[Action item] Each line below containing the word "Heps" needs to be shown.

Saved data entries:
Lemma is_derive_C_continuous (f : C -> C) (z0 l : C) :
  @is_derive C_AbsRing C_NormedModule f z0 l ->
  forall eps, 0 < eps -> exists delta, 0 < delta /\ forall h, Cmod h < delta ->
    Cmod (f (z0 + h) - f z0)%C < eps.
Proof.
  intros Hder eps Heps.
  destruct (is_derive_C_small_o f z0 l Hder 1 Rlt_0_1) as [delta [Hdelta Hlittle]].
  assert (HL := Cmod_ge_0 l).
  exists (Rmin delta (eps / (1 + Cmod l))). split.
  { apply Rmin_pos; [lra | apply Rdiv_lt_0_compat; lra]. }
  intros h Hh.
  assert (Hh_delta := Rlt_le_trans _ _ _ Hh (Rmin_l _ _)).
  assert (Hh_eps := Rlt_le_trans _ _ _ Hh (Rmin_r _ _)).
  assert (Hlin := Hlittle h Hh_delta).
  replace (f (z0 + h) - f z0)%C with ((f (z0 + h) - f z0 - h * l) + h * l)%C by ring.
  eapply Rle_lt_trans; [apply Cmod_triangle|]. rewrite Cmod_mult.
  apply (Rmult_lt_compat_r (1 + Cmod l)) in Hh_eps; [|lra].
  replace (eps / (1 + Cmod l) * (1 + Cmod l)) with eps in Hh_eps by (field; lra).
  nra.
Qed.

Lemma is_derive_C_secant (f : C -> C) (l a b : C) :
  a <> b -> @is_derive C_AbsRing C_NormedModule f (RtoC 0) l ->
  forall eps, 0 < eps -> exists delta, 0 < delta /\ forall w : C, w <> 0%C -> Cmod w < delta ->
    Cmod ((f (a * w) - f (b * w)) / ((a - b) * w) - l)%C <= eps.
Proof.
  intros Hab Hder eps Heps.
  assert (Hab' : (a - b)%C <> 0%C)
    by (intros E; apply Hab; replace a with (b + (a - b))%C by ring; rewrite E; ring).
  assert (Hab_pos : 0 < Cmod (a - b)) by now apply Cmod_gt_0.
  assert (Ha := Cmod_ge_0 a). assert (Hb := Cmod_ge_0 b).
  set (M := Cmod a + Cmod b + 1).
  assert (HM : 1 <= M) by (unfold M; lra).
  destruct (is_derive_C_small_o f (RtoC 0) l Hder (eps * Cmod (a - b) / M)
              ltac:(apply Rdiv_lt_0_compat; nra)) as [delta [Hdelta Hlittle]].
  exists (delta / M). split; [apply Rdiv_lt_0_compat; lra|].
  intros w Hw0 Hw.
  assert (Hwpos : 0 < Cmod w) by now apply Cmod_gt_0.
  assert (HE : forall x, Cmod x <= M ->
            Cmod (f (x * w) - f (RtoC 0) - x * w * l)%C
            <= eps * Cmod (a - b) / M * (Cmod x * Cmod w)).
  { intros x Hx. assert (Hxw := Hlittle (x * w)%C).
    rewrite Cplus_0_l, Cmod_mult in Hxw. apply Hxw.
    apply (Rmult_lt_compat_r M) in Hw; [|lra].
    replace (delta / M * M) with delta in Hw by (field; lra).
    assert (Hx0 := Cmod_ge_0 x). nra. }
  replace ((f (a * w) - f (b * w)) / ((a - b) * w) - l)%C
    with (((f (a * w) - f (RtoC 0) - a * w * l) + - (f (b * w) - f (RtoC 0) - b * w * l))
          / ((a - b) * w))%C by (field; now split).
  rewrite Cmod_div, Cmod_mult by (apply Cmod_gt_0; rewrite Cmod_mult; nra).
  apply (Rmult_le_reg_r (Cmod (a - b) * Cmod w)); [nra|].
  unfold Rdiv. rewrite Rmult_assoc, Rinv_l, Rmult_1_r by nra.
  eapply Rle_trans; [apply Cmod_triangle|]. rewrite Cmod_opp.
  assert (HEa := HE a ltac:(unfold M; lra)). assert (HEb := HE b ltac:(unfold M; lra)).
  assert (Hfrac : eps * Cmod (a - b) / M * M = eps * Cmod (a - b)) by (field; lra).
  assert (Hbound : 0 <= eps * Cmod (a - b) / M * Cmod w)
    by (apply Rmult_le_pos; [apply Rdiv_le_0_compat|]; nra).
  unfold M in *. nra.
Qed.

[Problem solution]
  intros Hder eps Heps.
  intros Hab Hder eps Heps.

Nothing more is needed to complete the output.